• _Entries taken from a collection_:
────────
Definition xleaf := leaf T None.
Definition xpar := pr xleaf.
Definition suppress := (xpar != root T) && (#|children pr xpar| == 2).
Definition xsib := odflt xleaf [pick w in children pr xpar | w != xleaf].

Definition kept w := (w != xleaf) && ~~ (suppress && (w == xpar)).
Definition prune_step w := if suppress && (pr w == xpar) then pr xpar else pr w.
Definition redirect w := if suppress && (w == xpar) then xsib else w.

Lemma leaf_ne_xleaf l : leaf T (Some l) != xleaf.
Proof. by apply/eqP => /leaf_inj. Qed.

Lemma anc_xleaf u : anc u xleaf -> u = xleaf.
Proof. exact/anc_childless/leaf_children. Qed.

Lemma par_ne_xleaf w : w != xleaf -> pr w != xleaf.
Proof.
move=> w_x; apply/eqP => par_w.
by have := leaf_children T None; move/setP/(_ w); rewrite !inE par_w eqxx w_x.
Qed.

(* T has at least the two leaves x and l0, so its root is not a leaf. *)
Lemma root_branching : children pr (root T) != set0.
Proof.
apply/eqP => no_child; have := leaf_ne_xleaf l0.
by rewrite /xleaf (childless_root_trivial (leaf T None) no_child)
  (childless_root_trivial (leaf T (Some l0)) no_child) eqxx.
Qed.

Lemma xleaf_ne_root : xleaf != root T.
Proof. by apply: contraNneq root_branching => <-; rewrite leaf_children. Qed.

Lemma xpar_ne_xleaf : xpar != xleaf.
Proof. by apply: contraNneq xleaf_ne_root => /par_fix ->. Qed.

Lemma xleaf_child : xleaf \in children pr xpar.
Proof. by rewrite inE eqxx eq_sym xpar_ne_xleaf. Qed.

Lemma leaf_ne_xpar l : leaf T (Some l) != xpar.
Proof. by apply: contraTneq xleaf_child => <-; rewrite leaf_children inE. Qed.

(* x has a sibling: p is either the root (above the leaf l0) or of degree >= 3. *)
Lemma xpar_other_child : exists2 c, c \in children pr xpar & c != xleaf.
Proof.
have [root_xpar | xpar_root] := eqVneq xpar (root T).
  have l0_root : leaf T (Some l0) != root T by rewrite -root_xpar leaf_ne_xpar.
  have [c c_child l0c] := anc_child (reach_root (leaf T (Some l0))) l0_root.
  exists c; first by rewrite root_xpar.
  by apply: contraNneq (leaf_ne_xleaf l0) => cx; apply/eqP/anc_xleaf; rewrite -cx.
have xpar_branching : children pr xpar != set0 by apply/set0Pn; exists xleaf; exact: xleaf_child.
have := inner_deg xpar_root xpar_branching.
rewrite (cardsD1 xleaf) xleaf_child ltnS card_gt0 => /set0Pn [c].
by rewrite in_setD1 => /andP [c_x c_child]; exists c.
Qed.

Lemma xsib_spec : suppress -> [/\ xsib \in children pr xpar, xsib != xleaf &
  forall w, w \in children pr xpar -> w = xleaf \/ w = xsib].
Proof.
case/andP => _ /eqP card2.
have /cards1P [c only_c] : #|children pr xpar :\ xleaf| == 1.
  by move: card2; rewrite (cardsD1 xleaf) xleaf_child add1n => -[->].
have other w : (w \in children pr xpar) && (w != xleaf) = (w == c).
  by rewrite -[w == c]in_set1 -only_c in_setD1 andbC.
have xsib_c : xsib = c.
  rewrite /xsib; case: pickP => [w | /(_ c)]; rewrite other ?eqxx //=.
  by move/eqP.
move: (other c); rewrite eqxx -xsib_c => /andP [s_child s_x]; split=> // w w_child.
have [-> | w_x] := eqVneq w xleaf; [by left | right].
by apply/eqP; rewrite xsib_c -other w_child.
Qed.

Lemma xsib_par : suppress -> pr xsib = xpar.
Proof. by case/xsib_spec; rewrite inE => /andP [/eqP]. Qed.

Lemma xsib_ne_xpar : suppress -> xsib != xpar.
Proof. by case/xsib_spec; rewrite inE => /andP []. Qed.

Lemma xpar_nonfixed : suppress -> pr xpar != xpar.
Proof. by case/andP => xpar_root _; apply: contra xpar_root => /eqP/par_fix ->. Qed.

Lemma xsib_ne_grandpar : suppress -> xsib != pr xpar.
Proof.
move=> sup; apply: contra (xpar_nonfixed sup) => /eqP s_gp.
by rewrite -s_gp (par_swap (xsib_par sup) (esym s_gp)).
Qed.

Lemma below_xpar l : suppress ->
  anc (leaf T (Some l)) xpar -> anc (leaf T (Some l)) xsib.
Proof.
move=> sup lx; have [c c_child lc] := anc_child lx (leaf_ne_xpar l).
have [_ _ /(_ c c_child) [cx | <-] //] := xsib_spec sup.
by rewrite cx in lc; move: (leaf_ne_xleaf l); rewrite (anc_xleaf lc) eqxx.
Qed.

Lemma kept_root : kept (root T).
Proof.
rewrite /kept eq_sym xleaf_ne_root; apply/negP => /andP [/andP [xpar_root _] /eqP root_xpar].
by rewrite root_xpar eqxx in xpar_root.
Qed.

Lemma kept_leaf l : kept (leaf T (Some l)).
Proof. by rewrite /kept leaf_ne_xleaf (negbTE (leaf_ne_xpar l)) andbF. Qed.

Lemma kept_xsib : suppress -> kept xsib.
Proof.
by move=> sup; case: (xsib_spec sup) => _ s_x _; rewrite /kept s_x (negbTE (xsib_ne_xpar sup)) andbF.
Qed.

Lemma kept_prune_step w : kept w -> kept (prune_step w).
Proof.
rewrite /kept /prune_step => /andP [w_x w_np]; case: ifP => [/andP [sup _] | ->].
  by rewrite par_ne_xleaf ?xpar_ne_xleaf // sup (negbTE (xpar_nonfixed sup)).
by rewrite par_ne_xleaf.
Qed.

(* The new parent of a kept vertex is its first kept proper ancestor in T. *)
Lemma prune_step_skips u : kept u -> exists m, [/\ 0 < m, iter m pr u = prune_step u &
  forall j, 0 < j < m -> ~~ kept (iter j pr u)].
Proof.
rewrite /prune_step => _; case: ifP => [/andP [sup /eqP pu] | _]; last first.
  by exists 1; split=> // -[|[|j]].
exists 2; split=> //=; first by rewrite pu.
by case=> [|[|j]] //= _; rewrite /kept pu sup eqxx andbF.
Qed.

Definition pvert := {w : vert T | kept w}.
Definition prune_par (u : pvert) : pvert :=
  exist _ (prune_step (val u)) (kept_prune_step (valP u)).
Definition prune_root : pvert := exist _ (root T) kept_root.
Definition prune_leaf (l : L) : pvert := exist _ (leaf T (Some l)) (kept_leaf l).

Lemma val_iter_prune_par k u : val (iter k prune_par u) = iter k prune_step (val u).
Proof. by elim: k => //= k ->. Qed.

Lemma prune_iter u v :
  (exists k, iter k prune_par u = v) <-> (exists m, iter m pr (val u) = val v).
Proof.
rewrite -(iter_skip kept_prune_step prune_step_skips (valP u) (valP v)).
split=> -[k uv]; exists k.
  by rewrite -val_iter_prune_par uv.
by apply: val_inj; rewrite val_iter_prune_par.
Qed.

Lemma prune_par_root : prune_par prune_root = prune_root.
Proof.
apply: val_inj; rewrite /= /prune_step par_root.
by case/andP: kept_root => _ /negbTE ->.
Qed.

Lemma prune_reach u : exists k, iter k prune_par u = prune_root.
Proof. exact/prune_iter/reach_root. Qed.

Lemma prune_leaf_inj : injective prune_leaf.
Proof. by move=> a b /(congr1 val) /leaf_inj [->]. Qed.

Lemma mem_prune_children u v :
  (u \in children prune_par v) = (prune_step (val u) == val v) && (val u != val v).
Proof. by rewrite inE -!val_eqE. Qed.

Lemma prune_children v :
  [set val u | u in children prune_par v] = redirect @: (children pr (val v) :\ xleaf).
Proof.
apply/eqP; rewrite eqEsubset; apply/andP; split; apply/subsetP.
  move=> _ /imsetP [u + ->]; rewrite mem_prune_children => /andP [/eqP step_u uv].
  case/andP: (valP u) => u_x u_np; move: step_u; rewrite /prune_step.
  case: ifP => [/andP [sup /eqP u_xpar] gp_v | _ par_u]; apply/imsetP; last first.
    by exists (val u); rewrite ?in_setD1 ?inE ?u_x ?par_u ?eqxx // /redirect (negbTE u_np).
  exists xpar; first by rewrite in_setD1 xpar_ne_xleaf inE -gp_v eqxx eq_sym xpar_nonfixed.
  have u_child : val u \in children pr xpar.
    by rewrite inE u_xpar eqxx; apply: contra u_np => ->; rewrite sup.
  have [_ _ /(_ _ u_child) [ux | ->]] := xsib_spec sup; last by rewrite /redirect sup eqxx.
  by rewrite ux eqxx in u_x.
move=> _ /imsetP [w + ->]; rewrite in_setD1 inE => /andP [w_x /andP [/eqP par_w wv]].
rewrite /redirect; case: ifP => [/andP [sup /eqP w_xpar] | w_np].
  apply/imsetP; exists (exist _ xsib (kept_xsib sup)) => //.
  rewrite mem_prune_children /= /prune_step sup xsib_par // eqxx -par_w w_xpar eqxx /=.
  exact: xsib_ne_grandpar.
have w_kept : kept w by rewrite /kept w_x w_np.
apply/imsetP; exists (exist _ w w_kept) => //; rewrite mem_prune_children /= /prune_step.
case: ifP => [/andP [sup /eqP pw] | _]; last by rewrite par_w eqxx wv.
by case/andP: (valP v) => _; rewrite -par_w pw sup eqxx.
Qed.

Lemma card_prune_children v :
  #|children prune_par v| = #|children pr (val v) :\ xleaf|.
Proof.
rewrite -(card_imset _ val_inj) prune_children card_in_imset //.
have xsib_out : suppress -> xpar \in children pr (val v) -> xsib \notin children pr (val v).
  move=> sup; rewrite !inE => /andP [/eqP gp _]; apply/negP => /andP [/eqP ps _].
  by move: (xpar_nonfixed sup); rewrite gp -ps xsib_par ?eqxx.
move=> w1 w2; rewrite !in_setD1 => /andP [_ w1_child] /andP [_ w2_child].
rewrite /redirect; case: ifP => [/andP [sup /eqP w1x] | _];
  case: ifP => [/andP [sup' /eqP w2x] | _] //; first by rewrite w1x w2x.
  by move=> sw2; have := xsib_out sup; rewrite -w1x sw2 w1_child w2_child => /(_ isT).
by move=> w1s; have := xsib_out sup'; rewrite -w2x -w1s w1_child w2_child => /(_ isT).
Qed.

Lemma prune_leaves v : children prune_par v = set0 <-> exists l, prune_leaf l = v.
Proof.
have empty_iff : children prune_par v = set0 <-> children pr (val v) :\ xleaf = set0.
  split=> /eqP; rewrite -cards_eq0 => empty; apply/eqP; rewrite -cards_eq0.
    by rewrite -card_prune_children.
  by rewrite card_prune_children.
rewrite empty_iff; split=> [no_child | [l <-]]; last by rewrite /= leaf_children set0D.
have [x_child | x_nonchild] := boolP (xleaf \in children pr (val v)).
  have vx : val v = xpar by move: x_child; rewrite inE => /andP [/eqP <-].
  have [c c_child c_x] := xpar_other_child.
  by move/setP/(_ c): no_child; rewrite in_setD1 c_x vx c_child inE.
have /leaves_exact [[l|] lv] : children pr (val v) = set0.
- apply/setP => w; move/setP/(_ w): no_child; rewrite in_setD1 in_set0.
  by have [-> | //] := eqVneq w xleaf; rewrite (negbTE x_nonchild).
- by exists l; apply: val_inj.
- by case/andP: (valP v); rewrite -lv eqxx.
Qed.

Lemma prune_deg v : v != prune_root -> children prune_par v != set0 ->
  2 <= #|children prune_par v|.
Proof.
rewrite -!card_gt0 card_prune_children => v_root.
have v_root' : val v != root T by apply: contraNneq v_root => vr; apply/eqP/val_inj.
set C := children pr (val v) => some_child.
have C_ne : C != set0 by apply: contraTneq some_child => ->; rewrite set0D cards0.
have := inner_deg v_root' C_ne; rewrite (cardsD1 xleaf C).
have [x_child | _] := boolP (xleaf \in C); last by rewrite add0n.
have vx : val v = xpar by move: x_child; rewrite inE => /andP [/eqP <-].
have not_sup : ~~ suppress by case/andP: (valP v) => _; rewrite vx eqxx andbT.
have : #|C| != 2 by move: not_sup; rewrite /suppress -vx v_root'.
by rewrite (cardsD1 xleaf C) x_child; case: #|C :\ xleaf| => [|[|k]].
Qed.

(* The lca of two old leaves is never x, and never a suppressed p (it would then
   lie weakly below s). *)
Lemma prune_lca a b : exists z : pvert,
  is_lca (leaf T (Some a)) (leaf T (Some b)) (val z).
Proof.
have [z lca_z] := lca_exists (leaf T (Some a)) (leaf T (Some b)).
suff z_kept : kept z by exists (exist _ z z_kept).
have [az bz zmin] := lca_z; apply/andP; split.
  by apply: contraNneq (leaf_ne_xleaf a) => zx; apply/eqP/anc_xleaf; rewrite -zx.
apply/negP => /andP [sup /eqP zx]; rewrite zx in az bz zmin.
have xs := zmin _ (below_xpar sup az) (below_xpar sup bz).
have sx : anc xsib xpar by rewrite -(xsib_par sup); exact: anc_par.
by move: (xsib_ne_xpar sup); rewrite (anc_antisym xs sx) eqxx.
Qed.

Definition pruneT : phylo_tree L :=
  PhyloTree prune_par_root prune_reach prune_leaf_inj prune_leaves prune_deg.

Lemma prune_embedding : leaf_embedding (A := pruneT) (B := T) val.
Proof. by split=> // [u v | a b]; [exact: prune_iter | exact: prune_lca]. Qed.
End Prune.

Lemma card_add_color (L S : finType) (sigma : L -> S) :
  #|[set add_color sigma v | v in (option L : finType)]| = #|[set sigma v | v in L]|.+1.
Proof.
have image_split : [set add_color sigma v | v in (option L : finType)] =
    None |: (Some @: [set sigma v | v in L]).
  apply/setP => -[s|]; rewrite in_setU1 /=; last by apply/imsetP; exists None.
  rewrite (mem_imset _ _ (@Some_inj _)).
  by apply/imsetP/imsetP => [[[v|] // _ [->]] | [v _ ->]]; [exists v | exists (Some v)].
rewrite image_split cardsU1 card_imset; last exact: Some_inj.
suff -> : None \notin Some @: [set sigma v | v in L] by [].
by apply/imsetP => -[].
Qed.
────────
• _WHAT IS EXPECTED_: Pull out all lines from the entries above in which the word "finType" appears.

• _EXPECTED ANSWER_:
Lemma card_add_color (L S : finType) (sigma : L -> S) :
  #|[set add_color sigma v | v in (option L : finType)]| = #|[set sigma v | v in L]|.+1.
have image_split : [set add_color sigma v | v in (option L : finType)] =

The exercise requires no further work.